[Task]
From the data underneath, reproduce exactly the stretch that begins at the line with "have -> : (sqnorm (y" and ends after the line with "set D := fine".
(Records shown begins)
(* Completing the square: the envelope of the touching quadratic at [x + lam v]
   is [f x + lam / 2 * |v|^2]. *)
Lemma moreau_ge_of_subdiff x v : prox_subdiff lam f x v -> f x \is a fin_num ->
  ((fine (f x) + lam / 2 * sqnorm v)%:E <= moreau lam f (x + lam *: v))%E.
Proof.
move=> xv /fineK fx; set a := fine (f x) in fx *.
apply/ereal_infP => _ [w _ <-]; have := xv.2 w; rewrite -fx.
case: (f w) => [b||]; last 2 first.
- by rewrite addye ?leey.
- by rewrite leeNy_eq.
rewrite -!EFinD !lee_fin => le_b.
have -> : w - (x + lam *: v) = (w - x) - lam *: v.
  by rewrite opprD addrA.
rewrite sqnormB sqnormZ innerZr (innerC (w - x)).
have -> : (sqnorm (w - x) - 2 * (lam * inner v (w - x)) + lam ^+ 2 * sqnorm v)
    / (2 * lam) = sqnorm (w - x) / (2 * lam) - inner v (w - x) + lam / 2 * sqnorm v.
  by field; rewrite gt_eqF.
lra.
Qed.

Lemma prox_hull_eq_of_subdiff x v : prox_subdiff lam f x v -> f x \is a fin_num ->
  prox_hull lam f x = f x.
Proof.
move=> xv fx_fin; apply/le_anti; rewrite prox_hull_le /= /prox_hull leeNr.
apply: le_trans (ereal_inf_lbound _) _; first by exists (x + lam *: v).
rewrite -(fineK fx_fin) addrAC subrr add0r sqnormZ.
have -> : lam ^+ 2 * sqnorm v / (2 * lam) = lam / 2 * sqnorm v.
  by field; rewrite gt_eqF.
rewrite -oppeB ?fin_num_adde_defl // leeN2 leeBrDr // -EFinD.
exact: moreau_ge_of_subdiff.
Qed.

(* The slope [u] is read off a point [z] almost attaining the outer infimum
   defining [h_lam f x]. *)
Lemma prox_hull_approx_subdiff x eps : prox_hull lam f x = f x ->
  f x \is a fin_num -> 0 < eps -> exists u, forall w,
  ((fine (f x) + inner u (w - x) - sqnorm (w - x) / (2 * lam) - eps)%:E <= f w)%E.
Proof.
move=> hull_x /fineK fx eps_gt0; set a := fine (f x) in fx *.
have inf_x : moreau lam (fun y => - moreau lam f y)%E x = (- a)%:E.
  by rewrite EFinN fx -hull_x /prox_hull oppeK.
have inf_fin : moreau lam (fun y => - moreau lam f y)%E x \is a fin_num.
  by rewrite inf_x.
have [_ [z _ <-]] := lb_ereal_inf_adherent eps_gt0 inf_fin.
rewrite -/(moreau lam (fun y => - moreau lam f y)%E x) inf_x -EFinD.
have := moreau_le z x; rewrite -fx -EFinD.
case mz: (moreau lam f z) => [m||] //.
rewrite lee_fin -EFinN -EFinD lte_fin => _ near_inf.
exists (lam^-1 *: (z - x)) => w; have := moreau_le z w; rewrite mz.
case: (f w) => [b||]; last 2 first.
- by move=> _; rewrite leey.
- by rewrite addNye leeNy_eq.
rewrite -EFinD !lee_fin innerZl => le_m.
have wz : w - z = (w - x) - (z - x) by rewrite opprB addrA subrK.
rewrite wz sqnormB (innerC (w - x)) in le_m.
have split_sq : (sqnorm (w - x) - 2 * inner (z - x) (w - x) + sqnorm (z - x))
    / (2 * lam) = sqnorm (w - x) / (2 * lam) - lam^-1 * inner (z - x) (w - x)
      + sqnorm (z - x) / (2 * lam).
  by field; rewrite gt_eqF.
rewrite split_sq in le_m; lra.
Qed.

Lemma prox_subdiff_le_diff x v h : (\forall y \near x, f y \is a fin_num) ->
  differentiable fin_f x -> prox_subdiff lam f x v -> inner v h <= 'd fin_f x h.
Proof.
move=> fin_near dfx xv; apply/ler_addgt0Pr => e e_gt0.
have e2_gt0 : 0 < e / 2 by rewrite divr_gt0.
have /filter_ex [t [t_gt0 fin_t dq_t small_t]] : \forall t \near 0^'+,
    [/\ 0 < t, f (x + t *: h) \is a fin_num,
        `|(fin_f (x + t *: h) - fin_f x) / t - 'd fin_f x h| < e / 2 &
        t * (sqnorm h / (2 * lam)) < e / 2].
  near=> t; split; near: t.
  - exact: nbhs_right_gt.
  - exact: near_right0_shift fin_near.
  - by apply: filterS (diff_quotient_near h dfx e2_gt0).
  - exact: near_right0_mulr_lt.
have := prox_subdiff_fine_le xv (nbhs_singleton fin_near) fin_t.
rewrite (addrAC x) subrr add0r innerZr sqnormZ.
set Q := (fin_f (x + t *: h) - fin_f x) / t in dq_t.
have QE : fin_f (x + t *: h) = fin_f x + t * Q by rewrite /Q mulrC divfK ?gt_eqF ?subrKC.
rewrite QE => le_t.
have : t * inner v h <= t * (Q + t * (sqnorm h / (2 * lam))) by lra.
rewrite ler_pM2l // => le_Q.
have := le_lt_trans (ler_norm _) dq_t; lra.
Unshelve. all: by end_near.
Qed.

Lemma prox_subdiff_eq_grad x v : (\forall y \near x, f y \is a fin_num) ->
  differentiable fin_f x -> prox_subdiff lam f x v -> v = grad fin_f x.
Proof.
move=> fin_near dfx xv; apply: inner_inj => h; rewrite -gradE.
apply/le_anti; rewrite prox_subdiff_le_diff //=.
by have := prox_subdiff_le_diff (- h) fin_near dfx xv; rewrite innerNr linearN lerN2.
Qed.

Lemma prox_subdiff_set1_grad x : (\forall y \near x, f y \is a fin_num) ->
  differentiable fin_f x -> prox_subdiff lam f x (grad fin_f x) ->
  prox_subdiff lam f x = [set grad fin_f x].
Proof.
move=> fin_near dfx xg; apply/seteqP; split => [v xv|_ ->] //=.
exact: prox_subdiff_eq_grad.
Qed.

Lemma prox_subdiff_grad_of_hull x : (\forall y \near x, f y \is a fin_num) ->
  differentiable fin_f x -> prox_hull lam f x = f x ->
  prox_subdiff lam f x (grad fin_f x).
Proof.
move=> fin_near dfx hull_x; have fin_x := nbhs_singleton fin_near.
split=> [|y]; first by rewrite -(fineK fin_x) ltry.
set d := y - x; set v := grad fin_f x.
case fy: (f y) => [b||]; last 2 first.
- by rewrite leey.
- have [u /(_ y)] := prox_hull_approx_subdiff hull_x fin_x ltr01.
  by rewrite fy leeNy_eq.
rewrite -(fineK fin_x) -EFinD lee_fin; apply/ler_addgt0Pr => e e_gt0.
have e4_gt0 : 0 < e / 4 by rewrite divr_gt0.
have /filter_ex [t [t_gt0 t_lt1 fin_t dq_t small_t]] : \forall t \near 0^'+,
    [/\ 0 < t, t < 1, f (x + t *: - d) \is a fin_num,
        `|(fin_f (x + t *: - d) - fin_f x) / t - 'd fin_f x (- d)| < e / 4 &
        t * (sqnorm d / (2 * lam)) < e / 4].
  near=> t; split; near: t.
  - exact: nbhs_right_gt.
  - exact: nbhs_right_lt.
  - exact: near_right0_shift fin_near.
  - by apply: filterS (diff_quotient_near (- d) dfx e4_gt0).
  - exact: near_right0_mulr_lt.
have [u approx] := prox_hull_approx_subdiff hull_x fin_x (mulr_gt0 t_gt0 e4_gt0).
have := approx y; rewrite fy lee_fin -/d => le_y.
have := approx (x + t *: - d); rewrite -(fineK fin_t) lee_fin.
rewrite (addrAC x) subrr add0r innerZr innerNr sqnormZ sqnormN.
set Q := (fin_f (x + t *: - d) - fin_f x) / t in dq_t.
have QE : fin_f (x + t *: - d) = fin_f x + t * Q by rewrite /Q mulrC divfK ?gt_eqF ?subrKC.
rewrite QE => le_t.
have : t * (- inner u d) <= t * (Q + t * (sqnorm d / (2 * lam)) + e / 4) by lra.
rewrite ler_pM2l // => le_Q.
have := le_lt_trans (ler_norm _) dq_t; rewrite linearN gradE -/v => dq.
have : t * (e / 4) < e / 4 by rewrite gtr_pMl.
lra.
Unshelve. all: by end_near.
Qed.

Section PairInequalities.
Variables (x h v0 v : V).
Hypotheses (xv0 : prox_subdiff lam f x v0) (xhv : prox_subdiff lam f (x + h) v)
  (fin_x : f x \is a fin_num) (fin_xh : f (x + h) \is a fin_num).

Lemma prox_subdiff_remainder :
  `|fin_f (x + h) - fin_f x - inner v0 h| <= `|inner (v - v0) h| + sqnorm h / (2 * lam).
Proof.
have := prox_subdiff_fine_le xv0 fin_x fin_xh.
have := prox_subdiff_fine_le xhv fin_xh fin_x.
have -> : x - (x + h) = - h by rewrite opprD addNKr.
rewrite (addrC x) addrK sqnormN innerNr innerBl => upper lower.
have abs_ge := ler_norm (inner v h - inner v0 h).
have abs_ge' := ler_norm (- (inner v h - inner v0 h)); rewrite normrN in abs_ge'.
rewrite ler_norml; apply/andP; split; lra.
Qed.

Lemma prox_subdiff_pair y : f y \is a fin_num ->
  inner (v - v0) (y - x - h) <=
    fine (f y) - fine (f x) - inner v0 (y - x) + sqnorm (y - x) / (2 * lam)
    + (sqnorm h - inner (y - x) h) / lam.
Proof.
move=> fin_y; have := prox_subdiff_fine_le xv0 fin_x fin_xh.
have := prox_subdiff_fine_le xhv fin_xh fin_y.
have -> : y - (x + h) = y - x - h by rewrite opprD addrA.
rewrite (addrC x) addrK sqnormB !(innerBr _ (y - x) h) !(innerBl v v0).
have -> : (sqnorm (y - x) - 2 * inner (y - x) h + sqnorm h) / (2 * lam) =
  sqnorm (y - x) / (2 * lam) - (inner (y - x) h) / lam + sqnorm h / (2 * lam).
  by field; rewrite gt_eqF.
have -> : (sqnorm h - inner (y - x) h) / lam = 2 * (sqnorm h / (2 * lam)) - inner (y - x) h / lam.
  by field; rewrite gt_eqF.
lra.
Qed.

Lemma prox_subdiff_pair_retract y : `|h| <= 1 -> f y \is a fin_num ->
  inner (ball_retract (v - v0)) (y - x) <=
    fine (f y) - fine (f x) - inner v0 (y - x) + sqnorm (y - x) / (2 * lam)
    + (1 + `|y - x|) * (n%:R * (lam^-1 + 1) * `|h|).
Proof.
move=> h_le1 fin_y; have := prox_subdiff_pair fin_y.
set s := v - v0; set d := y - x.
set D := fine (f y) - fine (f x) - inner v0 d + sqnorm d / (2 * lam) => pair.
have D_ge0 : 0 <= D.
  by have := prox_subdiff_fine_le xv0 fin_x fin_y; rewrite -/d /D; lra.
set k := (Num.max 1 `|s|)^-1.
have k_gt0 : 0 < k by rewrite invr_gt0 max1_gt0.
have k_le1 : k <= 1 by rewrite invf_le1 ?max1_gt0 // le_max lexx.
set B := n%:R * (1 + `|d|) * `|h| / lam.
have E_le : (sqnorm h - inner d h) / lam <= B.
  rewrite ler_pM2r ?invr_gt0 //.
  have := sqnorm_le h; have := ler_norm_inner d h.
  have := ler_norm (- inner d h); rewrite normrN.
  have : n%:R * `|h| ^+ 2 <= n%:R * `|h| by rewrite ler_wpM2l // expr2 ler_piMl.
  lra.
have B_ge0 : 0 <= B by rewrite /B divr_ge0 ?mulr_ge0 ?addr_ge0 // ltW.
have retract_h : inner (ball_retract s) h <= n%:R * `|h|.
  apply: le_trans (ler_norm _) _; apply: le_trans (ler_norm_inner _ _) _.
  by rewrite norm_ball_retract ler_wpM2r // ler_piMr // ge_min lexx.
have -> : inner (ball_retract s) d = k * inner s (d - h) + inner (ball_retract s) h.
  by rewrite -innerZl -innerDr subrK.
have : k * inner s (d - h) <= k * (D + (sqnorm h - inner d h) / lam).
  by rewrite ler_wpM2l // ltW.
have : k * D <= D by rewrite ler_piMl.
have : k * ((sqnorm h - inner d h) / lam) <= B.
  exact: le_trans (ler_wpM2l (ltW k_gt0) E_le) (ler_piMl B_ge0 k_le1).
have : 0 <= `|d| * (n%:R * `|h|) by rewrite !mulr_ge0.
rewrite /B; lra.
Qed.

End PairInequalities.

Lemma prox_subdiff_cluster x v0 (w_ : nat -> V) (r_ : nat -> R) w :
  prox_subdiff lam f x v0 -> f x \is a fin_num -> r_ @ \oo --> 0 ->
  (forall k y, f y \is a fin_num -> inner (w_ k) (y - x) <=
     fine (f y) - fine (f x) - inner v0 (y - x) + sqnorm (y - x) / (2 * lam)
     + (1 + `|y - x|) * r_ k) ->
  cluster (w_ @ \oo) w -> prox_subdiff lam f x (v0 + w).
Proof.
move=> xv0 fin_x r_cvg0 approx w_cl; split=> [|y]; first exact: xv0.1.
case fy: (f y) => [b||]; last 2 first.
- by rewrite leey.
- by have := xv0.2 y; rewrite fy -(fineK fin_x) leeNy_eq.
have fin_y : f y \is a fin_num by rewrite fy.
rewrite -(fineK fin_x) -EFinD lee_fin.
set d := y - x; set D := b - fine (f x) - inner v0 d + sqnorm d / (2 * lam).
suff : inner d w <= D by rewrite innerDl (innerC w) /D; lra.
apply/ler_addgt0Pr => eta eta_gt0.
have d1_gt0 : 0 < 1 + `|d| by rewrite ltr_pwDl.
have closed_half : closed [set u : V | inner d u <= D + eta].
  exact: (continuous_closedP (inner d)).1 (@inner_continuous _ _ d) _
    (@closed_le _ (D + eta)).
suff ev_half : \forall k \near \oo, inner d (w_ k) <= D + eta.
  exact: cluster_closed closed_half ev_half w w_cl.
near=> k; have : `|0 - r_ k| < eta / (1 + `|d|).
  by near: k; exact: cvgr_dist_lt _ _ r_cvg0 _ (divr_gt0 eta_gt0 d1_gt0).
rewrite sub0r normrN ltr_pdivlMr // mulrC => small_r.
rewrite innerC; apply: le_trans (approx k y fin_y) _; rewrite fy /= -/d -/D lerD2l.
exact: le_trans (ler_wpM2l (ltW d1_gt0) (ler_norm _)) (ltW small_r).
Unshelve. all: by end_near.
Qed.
(Records shown ends)
[Result of the exercise]
have -> : (sqnorm (y - x) - 2 * inner (y - x) h + sqnorm h) / (2 * lam) =
  sqnorm (y - x) / (2 * lam) - (inner (y - x) h) / lam + sqnorm h / (2 * lam).
  by field; rewrite gt_eqF.
have -> : (sqnorm h - inner (y - x) h) / lam = 2 * (sqnorm h / (2 * lam)) - inner (y - x) h / lam.
  by field; rewrite gt_eqF.
lra.
Qed.

Lemma prox_subdiff_pair_retract y : `|h| <= 1 -> f y \is a fin_num ->
  inner (ball_retract (v - v0)) (y - x) <=
    fine (f y) - fine (f x) - inner v0 (y - x) + sqnorm (y - x) / (2 * lam)
    + (1 + `|y - x|) * (n%:R * (lam^-1 + 1) * `|h|).
Proof.
move=> h_le1 fin_y; have := prox_subdiff_pair fin_y.
set s := v - v0; set d := y - x.
set D := fine (f y) - fine (f x) - inner v0 d + sqnorm d / (2 * lam) => pair.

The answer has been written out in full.